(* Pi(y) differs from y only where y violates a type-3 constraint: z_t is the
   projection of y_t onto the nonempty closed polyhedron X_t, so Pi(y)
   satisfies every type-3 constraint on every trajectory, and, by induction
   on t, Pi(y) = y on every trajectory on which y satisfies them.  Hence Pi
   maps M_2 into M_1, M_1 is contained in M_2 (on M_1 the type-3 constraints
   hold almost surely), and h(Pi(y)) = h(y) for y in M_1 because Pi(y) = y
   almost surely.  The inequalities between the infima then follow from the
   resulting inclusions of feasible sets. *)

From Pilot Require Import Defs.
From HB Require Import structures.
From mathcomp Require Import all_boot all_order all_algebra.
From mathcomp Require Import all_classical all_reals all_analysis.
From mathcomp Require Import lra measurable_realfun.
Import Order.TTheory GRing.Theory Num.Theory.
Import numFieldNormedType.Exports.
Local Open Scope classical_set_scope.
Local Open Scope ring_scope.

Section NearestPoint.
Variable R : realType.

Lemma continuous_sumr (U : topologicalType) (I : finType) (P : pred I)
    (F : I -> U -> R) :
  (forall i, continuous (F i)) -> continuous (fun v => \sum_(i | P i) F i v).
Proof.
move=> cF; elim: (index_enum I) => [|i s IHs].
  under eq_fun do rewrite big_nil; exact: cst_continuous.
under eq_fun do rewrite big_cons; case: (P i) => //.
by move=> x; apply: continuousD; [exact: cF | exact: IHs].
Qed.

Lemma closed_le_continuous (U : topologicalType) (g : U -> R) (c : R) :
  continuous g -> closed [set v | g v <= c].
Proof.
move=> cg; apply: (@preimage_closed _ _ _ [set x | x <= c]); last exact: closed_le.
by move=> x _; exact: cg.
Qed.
* * *
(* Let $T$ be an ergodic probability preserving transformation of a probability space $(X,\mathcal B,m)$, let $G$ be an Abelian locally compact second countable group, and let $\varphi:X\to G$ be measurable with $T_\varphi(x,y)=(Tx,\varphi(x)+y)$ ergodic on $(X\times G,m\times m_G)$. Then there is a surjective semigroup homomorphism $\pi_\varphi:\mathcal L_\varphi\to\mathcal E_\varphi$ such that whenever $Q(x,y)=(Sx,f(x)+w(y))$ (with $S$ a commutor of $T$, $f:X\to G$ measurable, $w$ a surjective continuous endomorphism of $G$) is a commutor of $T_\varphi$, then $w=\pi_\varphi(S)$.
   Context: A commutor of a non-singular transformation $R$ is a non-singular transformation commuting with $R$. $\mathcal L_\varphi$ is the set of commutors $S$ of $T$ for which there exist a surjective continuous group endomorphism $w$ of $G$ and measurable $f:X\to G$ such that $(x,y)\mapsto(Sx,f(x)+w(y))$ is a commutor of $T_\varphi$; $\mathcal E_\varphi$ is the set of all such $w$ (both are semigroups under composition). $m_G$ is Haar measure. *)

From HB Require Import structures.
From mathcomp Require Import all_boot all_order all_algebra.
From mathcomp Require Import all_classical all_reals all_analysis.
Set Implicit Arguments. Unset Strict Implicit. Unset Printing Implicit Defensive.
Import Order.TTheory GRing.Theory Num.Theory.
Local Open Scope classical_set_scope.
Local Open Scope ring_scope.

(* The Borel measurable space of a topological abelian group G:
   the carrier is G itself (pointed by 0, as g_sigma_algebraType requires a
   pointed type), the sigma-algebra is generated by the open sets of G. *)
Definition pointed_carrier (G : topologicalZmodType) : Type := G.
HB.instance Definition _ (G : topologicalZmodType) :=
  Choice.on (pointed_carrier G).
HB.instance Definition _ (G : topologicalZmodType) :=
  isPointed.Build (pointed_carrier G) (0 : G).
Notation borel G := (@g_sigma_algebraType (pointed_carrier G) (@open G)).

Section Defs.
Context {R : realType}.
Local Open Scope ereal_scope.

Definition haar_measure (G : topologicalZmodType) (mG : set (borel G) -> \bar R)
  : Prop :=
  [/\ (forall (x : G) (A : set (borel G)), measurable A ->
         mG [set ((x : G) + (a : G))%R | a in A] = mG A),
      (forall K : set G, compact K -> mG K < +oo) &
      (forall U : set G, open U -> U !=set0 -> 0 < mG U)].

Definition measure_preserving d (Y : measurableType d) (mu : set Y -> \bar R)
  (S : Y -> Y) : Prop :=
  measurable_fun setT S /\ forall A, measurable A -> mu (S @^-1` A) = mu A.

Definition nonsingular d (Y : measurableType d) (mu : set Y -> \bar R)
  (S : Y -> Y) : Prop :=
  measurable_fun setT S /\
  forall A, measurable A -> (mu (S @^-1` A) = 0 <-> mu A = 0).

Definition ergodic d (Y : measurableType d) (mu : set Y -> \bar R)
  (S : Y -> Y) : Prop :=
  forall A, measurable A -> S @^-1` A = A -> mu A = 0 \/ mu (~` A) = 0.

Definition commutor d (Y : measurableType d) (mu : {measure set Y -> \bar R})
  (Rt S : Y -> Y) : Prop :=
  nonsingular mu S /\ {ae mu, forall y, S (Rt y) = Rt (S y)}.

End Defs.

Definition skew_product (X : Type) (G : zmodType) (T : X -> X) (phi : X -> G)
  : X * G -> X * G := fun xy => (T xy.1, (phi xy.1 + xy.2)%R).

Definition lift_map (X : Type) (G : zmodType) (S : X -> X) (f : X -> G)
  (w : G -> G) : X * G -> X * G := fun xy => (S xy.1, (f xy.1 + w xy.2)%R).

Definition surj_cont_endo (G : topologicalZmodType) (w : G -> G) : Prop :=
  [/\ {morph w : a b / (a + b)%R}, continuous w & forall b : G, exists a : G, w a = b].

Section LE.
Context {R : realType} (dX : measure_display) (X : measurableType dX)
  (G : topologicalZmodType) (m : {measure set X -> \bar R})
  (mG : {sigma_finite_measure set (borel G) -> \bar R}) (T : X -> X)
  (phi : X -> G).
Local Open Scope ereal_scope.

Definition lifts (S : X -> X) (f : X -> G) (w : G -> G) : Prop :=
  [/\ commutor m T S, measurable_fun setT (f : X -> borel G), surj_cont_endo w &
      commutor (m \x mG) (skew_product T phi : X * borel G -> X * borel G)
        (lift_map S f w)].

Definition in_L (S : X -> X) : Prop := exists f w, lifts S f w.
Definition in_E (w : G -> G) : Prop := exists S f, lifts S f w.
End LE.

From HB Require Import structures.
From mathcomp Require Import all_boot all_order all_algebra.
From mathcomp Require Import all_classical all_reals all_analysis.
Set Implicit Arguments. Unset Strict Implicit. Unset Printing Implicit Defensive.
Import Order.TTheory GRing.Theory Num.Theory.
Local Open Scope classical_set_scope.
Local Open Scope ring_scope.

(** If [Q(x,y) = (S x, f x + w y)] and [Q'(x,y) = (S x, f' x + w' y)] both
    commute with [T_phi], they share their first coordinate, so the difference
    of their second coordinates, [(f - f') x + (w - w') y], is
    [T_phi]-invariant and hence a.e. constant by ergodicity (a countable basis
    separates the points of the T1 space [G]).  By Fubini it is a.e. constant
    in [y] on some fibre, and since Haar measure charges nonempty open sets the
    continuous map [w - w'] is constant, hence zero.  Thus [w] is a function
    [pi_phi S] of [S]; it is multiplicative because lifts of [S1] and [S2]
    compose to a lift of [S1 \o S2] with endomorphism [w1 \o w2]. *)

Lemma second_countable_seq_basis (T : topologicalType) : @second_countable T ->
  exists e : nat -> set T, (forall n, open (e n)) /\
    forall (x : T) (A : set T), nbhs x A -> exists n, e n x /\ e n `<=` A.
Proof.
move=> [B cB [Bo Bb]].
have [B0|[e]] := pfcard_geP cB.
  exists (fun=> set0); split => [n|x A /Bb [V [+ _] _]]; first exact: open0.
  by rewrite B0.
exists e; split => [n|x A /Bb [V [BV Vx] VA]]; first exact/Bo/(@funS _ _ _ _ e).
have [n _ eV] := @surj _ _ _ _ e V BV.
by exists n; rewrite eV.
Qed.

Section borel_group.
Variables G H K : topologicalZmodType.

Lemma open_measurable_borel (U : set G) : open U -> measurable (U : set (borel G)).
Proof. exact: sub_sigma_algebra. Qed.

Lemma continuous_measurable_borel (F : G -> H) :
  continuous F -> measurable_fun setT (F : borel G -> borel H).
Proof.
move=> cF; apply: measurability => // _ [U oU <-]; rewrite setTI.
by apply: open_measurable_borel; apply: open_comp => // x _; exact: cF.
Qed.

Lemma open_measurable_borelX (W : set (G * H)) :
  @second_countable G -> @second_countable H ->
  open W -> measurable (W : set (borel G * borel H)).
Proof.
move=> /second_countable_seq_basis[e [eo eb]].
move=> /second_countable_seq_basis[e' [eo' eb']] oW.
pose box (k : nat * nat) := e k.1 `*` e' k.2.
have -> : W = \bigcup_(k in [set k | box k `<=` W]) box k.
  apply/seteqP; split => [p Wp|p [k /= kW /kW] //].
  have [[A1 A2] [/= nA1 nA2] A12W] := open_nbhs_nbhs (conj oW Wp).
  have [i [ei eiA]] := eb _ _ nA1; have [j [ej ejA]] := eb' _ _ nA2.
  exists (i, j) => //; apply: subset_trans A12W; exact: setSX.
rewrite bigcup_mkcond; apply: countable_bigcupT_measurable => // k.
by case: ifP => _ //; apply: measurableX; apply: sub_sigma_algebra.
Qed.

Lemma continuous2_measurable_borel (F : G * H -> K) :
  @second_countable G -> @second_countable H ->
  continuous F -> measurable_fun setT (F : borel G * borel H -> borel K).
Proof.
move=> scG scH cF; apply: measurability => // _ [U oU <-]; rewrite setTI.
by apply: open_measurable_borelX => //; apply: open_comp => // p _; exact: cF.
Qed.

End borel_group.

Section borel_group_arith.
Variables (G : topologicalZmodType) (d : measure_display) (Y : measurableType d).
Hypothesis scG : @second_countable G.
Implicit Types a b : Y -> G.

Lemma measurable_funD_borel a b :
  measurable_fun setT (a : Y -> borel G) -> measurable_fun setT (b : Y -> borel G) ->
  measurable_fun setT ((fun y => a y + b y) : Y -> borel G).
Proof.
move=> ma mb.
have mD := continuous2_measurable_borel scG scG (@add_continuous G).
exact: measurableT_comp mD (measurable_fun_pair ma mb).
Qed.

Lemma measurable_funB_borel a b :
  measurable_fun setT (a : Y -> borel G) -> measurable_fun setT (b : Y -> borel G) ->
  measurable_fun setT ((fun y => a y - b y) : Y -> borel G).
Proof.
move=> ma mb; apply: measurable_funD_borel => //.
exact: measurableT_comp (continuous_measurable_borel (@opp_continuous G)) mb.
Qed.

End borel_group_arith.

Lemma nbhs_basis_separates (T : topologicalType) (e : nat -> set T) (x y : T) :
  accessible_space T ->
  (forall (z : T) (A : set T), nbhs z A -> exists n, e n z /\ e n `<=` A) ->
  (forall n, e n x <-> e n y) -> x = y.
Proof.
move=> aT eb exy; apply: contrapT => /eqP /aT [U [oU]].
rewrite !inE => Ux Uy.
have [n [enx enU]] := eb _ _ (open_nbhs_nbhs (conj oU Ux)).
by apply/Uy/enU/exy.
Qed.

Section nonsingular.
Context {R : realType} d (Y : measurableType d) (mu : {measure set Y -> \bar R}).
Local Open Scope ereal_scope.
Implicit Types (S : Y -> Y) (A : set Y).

* BRIEF *
Check every line above for the string "nonempty" and copy those that have it.

* RESPONSE BELOW *
   projection of y_t onto the nonempty closed polyhedron X_t, so Pi(y)
    in [y] on some fibre, and since Haar measure charges nonempty open sets the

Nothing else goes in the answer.